[[ Records for the task, beginning ]]

(* Let $\mathbf X$ be a nonempty set, $m\ge1$ an integer and $Y>0$. Consider the protocol in which at each round $n=1,2,\dots$ Reality announces $x_n\in\mathbf X$, Predictor announces $\mu_n\in\mathbb R^m$, and Reality announces $y_n\in YU_m$. Let $F_1,F_2,\dots$ be a sequence of functions $F_i:\mathbf X\to\mathbb R^m$ and let $w_1,w_2,\dots$ be positive weights with $\sum_i w_i=1$. Then there is a strategy for Predictor producing predictions $\mu_n\in YU_m$ that guarantees, for all $N=1,2,\dots$ and all $i=1,2,\dots$, $$\sum_{n=1}^N\|y_n-\mu_n\|^2\le\sum_{n=1}^N\|y_n-F_i(x_n)\|^2+8Y^2\ln\frac1{w_i}.$$
   Context: $\|\cdot\|$ is the Euclidean norm on $\mathbb R^m$ and $U_m=\{v\in\mathbb R^m:\|v\|\le1\}$ is the closed unit ball, so $YU_m$ is the closed ball of radius $Y$ centred at $0$. A strategy for Predictor maps each history $(x_1,y_1,\dots,x_{n-1},y_{n-1},x_n)$ to $\mu_n$; the guarantee must hold for every (possibly adaptive) sequence of moves of Reality. *)

From HB Require Import structures.
From mathcomp Require Import all_boot all_order all_algebra.
From mathcomp Require Import all_classical all_reals all_analysis.
Set Implicit Arguments. Unset Strict Implicit. Unset Printing Implicit Defensive.
Import Order.TTheory GRing.Theory Num.Theory.
Local Open Scope ring_scope.

Definition enorm (R : realType) (m : nat) (v : 'rV[R]_m) : R :=
  Num.sqrt (\sum_(j < m) (v ord0 j) ^+ 2).

(* A Predictor strategy: maps the history (x_1,y_1,...,x_{n-1},y_{n-1}) and the
   current x_n to the prediction mu_n. *)
Definition strategy (R : realType) (X : Type) (m : nat) :=
  seq (X * 'rV[R]_m) -> X -> 'rV[R]_m.

(* History of the first n rounds (0-indexed rounds 0..n-1). *)
Definition history (R : realType) (X : Type) (m : nat)
  (xs : nat -> X) (ys : nat -> 'rV[R]_m) (n : nat) : seq (X * 'rV[R]_m) :=
  map (fun k => (xs k, ys k)) (iota 0 n).

Definition pred_at (R : realType) (X : Type) (m : nat) (S : strategy R X m)
  (xs : nat -> X) (ys : nat -> 'rV[R]_m) (n : nat) : 'rV[R]_m :=
  S (history xs ys n) (xs n).

From HB Require Import structures.
From mathcomp Require Import all_boot all_order all_algebra.
From mathcomp Require Import all_classical all_reals all_analysis.
From mathcomp Require Import ring lra.
Import Order.TTheory GRing.Theory Num.Theory numFieldNormedType.Exports.
Local Open Scope classical_set_scope.
Local Open Scope ring_scope.

(* Predictor runs Vovk's Aggregating Algorithm with learning rate
   eta = 1 / (8 Y^2) on the experts F_i clipped to the ball Y U_m; clipping
   only lowers an expert's loss, since the outcomes lie in the ball.  As
   exp (- t^2) is concave for 2 t^2 <= 1, the map z |-> exp (- eta |y - z|^2)
   is concave on the ball, so the weighted mean mu of the clipped experts
   satisfies  sum_i p_i exp (- eta |y - g_i|^2) <= exp (- eta |y - mu|^2)
   for normalized weights p.  Hence the potential
   Phi_N = sum_i w_i exp (- eta L_i(N)) is at most exp (- eta L(N)), where L(N)
   is Predictor's loss, and w_i exp (- eta L_i(N)) <= Phi_N gives
   L(N) <= L_i(N) + ln (1 / w_i) / eta. *)

Section ExpTangent.
Context {R : realType}.
Implicit Types a b t x y : R.

Lemma is_derive_ge0_ler {f df : R -> R} {x y} :
  (forall t, is_derive t 1 f (df t)) -> (forall t, x <= t <= y -> 0 <= df t) ->
  x <= y -> f x <= f y.
Proof.
move=> f_df df_ge0 xy.
have f_cont : continuous f.
  by move=> t; apply/differentiable_continuous/derivable1_diffP; case: (f_df t).
have [c] := MVT_segment xy (fun t _ => f_df t) (continuous_subspaceT f_cont).
rewrite in_itv/= => xcy /eqP; rewrite subr_eq => /eqP->.
by rewrite lerDr mulr_ge0 ?subr_ge0 ?df_ge0.
Qed.

Let gauss : R -> R := expR \o (- (id : R -> R) ^+ 2).

Let small t := 2 * t ^+ 2 <= 1.

Let small_between x y t : small x -> small y -> x <= t <= y -> small t.
Proof. by rewrite /small => hx hy /andP[xt ty]; have [t0|t0] := leP 0 t; nra. Qed.

Let mul_gauss_ndecr x y : small x -> small y -> x <= y ->
  x * gauss x <= y * gauss y.
Proof.
move=> hx hy; apply: (@is_derive_ge0_ler (id * gauss)
    (fun t => (1 - 2 * t ^+ 2) * gauss t)).
- by move=> t; apply: is_derive_eq; rewrite /gauss !fctE /GRing.scale /=; ring.
- move=> t xty; rewrite mulr_ge0 ?expR_ge0 // subr_ge0.
  exact: small_between xty.
Qed.

(* [expR (- t ^+ 2)] is concave where [2 * t ^+ 2 <= 1], hence below its
   tangents there: the gap [h] below has derivative [2 * (phi t - phi a)] with
   [phi t = t * gauss t] nondecreasing on that range. *)
Lemma expNsqr_tangent a b : 2 * a ^+ 2 <= 1 -> 2 * b ^+ 2 <= 1 ->
  expR (- b ^+ 2) <= expR (- a ^+ 2) * (1 - 2 * a * (b - a)).
Proof.
move=> ha hb.
pose h := cst (gauss a) * (cst (1 + 2 * a ^+ 2) - cst (2 * a) * id) - gauss.
pose dh t := 2 * (t * gauss t - a * gauss a).
have h_dh t : is_derive t 1 h (dh t).
  by apply: is_derive_eq; rewrite /dh /gauss !fctE /GRing.scale /=; ring.
have h_a : h a = 0 by rewrite /h /gauss !fctE /=; ring.
rewrite -subr_ge0 (_ : _ - _ = h b); last by rewrite /h /gauss !fctE /=; ring.
rewrite -h_a.
have [ab|ba] := leP a b.
- apply: (is_derive_ge0_ler h_dh) => // t ta_b.
  rewrite mulr_ge0 // subr_ge0 mul_gauss_ndecr //; first exact: small_between ta_b.
  by case/andP: ta_b.
- rewrite -lerN2.
  apply: (@is_derive_ge0_ler (- h) (fun t => - dh t) b a); last exact: ltW.
  move=> t tb_a; rewrite oppr_ge0 pmulr_rle0 // subr_le0 mul_gauss_ndecr //.
  + exact: small_between tb_a.
  + by case/andP: tb_a.
Qed.
End ExpTangent.

Section Euclid.
Context {R : realType} {m : nat}.
Implicit Types u v : 'rV[R]_m.

Definition vdot u v : R := \sum_(j < m) u ord0 j * v ord0 j.

Lemma enorm_ge0 v : 0 <= enorm v.
Proof. exact: sqrtr_ge0. Qed.

Lemma enorm_sqr v : enorm v ^+ 2 = vdot v v.
Proof.
rewrite /enorm sqr_sqrtr; last by apply: sumr_ge0 => j _; exact: sqr_ge0.
by apply: eq_bigr => j _; rewrite expr2.
Qed.

Lemma vdotC u v : vdot u v = vdot v u.
Proof. by apply: eq_bigr => j _; rewrite mulrC. Qed.

Lemma vdotBr u v w : vdot u (v - w) = vdot u v - vdot u w.
Proof. by rewrite /vdot -sumrB; apply: eq_bigr => j _; rewrite !mxE mulrBr. Qed.

Lemma vdotBl u v w : vdot (u - v) w = vdot u w - vdot v w.
Proof. by rewrite vdotC vdotBr !(vdotC w). Qed.

Lemma vdotZr (c : R) u v : vdot u (c *: v) = c * vdot u v.
Proof. by rewrite /vdot mulr_sumr; apply: eq_bigr => j _; rewrite !mxE mulrCA. Qed.

Lemma enormB_sqr u v : enorm (u - v) ^+ 2 = enorm u ^+ 2 - 2 * vdot u v + enorm v ^+ 2.
Proof. by rewrite !enorm_sqr !vdotBl !vdotBr (vdotC v u); ring. Qed.

Lemma enormB_sqr_le u v : enorm (u - v) ^+ 2 <= 2 * enorm u ^+ 2 + 2 * enorm v ^+ 2.
Proof.
rewrite !enorm_sqr /vdot !mulr_sumr -big_split /=; apply: ler_sum => j _.
by rewrite !mxE; have := sqr_ge0 (u ord0 j + v ord0 j); nra.
Qed.

Lemma enormZ_sqr (c : R) v : enorm (c *: v) ^+ 2 = c ^+ 2 * enorm v ^+ 2.
Proof. by rewrite !enorm_sqr vdotZr vdotC vdotZr mulrA -expr2. Qed.

Lemma ler_coord_enorm v (j : 'I_m) : `|v ord0 j| <= enorm v.
Proof.
rewrite -sqrtr_sqr /enorm ler_sqrt; last by apply: sumr_ge0 => k _; exact: sqr_ge0.
by rewrite (bigD1 j) //= lerDl; apply: sumr_ge0 => k _; exact: sqr_ge0.
Qed.

Lemma enorm_eq0 v : enorm v = 0 -> v = 0.
Proof.
move=> v0; apply/rowP => j; rewrite mxE.
by apply/normr0_eq0/eqP; rewrite eq_le normr_ge0 andbT -v0 ler_coord_enorm.
Qed.

Lemma vdot_le u v : vdot u v <= enorm u * enorm v.
Proof.
have [u0|u0] := eqVneq (enorm u) 0.
  by rewrite u0 mul0r /vdot big1 // => j _; rewrite (enorm_eq0 u u0) mxE mul0r.
have [v0|v0] := eqVneq (enorm v) 0.
  by rewrite v0 mulr0 /vdot big1 // => j _; rewrite (enorm_eq0 v v0) mxE mulr0.
have uv_gt0 : 0 < enorm u * enorm v by rewrite mulr_gt0 // lt0r ?u0 ?v0 enorm_ge0.
have := sqr_ge0 (enorm (enorm v *: u - enorm u *: v)).
by rewrite enormB_sqr !enormZ_sqr vdotZr vdotC vdotZr (vdotC v u); nra.
Qed.

Lemma expNsqr_enorm_tangent (eta : R) u v : 0 < eta ->
  2 * eta * enorm u ^+ 2 <= 1 -> 2 * eta * enorm v ^+ 2 <= 1 ->
  expR (- (eta * enorm v ^+ 2)) <= expR (- (eta * enorm u ^+ 2)) * (1 - 2 * eta * vdot u (v - u)).
Proof.
move=> eta_gt0 hu hv.
have sqrt_eta : Num.sqrt eta ^+ 2 = eta by rewrite sqr_sqrtr // ltW.
have sqr_scaled (w : 'rV[R]_m) : (Num.sqrt eta * enorm w) ^+ 2 = eta * enorm w ^+ 2.
  by rewrite exprMn sqrt_eta.
set a := Num.sqrt eta * enorm u; set b := Num.sqrt eta * enorm v.
have ha : 2 * a ^+ 2 <= 1 by rewrite sqr_scaled mulrA.
have hb : 2 * b ^+ 2 <= 1 by rewrite sqr_scaled mulrA.
rewrite -!sqr_scaled; apply: le_trans (expNsqr_tangent _ _ ha hb) _.
rewrite ler_pM2l ?expR_gt0 // vdotBr -enorm_sqr.
have a2 : a ^+ 2 = eta * enorm u ^+ 2 := sqr_scaled u.
have uv : eta * vdot u v <= a * b.
  by rewrite mulrACA -expr2 sqrt_eta ler_pM2l // vdot_le.
lra.
Qed.

Definition clip_ball (Y : R) v := if enorm v <= Y then v else (Y / enorm v) *: v.

Lemma enorm_clip_ball Y v : 0 <= Y -> enorm (clip_ball Y v) <= Y.
Proof.
move=> Y_ge0; rewrite /clip_ball; case: ifPn => //; rewrite -ltNge => Y_lt.
have v_gt0 : 0 < enorm v by apply: le_lt_trans Y_lt.
rewrite -ler_sqr ?nnegrE ?enorm_ge0 // enormZ_sqr -exprMn divfK ?gt_eqF //.
Qed.
Lemma Rabs_phi_le w : -1 <= w <= 1 -> Rabs (phi w) <= 1.
Proof.
  intros Hw; pose proof (phi_sqr w Hw); destruct (nu_bounds w Hw).
  assert (0 <= nu w ^ 6) by (apply pow_le; lra).
  apply Rabs_le; nra.
Qed.

Lemma is_derive_phi w : -1 <= w <= 1 ->
  is_derive phi w (6 * nu w ^ 5 / sqrt_nu_poly w).
Proof.
  intros Hw; pose proof (nu_poly_ge1 w Hw); pose proof (sqrt_nu_poly_pos w Hw).
  pose proof (sqrt_nu_poly_sqr w Hw) as Hsq.
  unfold phi, sqrt_nu_poly in *; unfold nu_poly, nu in *; auto_derive.
  - simpl in H |- *; lra.
  - set (s := sqrt _) in *.
    apply (Rmult_eq_reg_r s); [|lra].
    field_simplify; [|lra..].
    replace (s ^ 2) with (s * s) by ring; rewrite Hsq; field.
Qed.

Definition weight_continuous (k : R -> R) : Prop :=
  forall w, -1 <= w <= 1 -> continuity_pt k w.

Lemma weight_continuous_mult k l :
  weight_continuous k -> weight_continuous l -> weight_continuous (fun w => k w * l w).
Proof. intros Hk Hl w Hw; apply continuity_pt_mult; auto. Qed.

Lemma weight_continuous_sqrt_nu_poly : weight_continuous sqrt_nu_poly.
Proof.
  intros w Hw; apply (continuity_pt_comp nu_poly sqrt).
  - unfold nu_poly, nu; reg.
  - apply continuity_pt_sqrt; pose proof (nu_poly_ge1 w Hw); lra.
Qed.

Lemma weight_continuous_phi : weight_continuous phi.
Proof.
  apply (weight_continuous_mult (fun w => w)); [|exact weight_continuous_sqrt_nu_poly].
  intros w _; apply continuity_pt_id.
Qed.

Lemma weight_continuous_div k : weight_continuous k ->
  weight_continuous (fun w => k w / sqrt_nu_poly w).
Proof.
  intros Hk w Hw; apply continuity_pt_div; auto.
  - apply weight_continuous_sqrt_nu_poly, Hw.
  - pose proof (sqrt_nu_poly_pos w Hw); lra.
Qed.

Lemma weight_continuous_m1 : weight_continuous m1.
Proof. apply (weight_continuous_div (fun _ => 6)); intros w _; reg. Qed.

Lemma weight_continuous_m2 : weight_continuous m2.
Proof. apply (weight_continuous_div (fun w => 6 * nu w ^ 4)); intros w _; unfold nu; reg. Qed.

Lemma ex_RInt_weight k : weight_continuous k -> ex_RInt k (-1) 1.
Proof.
  intros Hk; apply (@ex_RInt_continuous R_CompleteNormedModule).
  rewrite Rmin_left, Rmax_right by lra; intros z Hz.
  apply continuity_pt_filterlim, Hk, Hz.
Qed.

Lemma RInt_weight_pos k : weight_continuous k ->
  (forall w, -1 < w < 1 -> 0 < k w) -> 0 < RInt k (-1) 1.
Proof.
  intros Hk Hpos; apply RInt_gt_0; [lra | exact Hpos|].
  intros w Hw; apply continuity_pt_filterlim, Hk, Hw.
Qed.

Lemma RInt_m1_pos : 0 < RInt m1 (-1) 1.
Proof.
  apply RInt_weight_pos; [exact weight_continuous_m1|]; intros w Hw.
  pose proof (sqrt_nu_poly_pos w ltac:(lra)); unfold m1; apply Rdiv_lt_0_compat; lra.
Qed.

Lemma RInt_m2_pos : 0 < RInt m2 (-1) 1.
Proof.
  apply RInt_weight_pos; [exact weight_continuous_m2|]; intros w Hw.
  pose proof (sqrt_nu_poly_pos w ltac:(lra)).
  assert (0 < nu w ^ 4) by (apply pow_lt; unfold nu; nra).
  unfold m2; apply Rdiv_lt_0_compat; lra.
Qed.

Lemma RInt_minus_R (f g : R -> R) a b : ex_RInt f a b -> ex_RInt g a b ->
  RInt (fun x => f x - g x) a b = RInt f a b - RInt g a b.
Proof. apply (@RInt_minus R_CompleteNormedModule). Qed.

[[ Records for the task, end ]]

## Your task
As listed above, the lines from the line with "pose proof (sqrt_nu_poly_sqr w Hw) as Hsq." to the line with "Lemma weight_continuous_mult k" are to be echoed exactly, with both ends included and nothing added.

## Your response
  pose proof (sqrt_nu_poly_sqr w Hw) as Hsq.
  unfold phi, sqrt_nu_poly in *; unfold nu_poly, nu in *; auto_derive.
  - simpl in H |- *; lra.
  - set (s := sqrt _) in *.
    apply (Rmult_eq_reg_r s); [|lra].
    field_simplify; [|lra..].
    replace (s ^ 2) with (s * s) by ring; rewrite Hsq; field.
Qed.

Definition weight_continuous (k : R -> R) : Prop :=
  forall w, -1 <= w <= 1 -> continuity_pt k w.

Lemma weight_continuous_mult k l :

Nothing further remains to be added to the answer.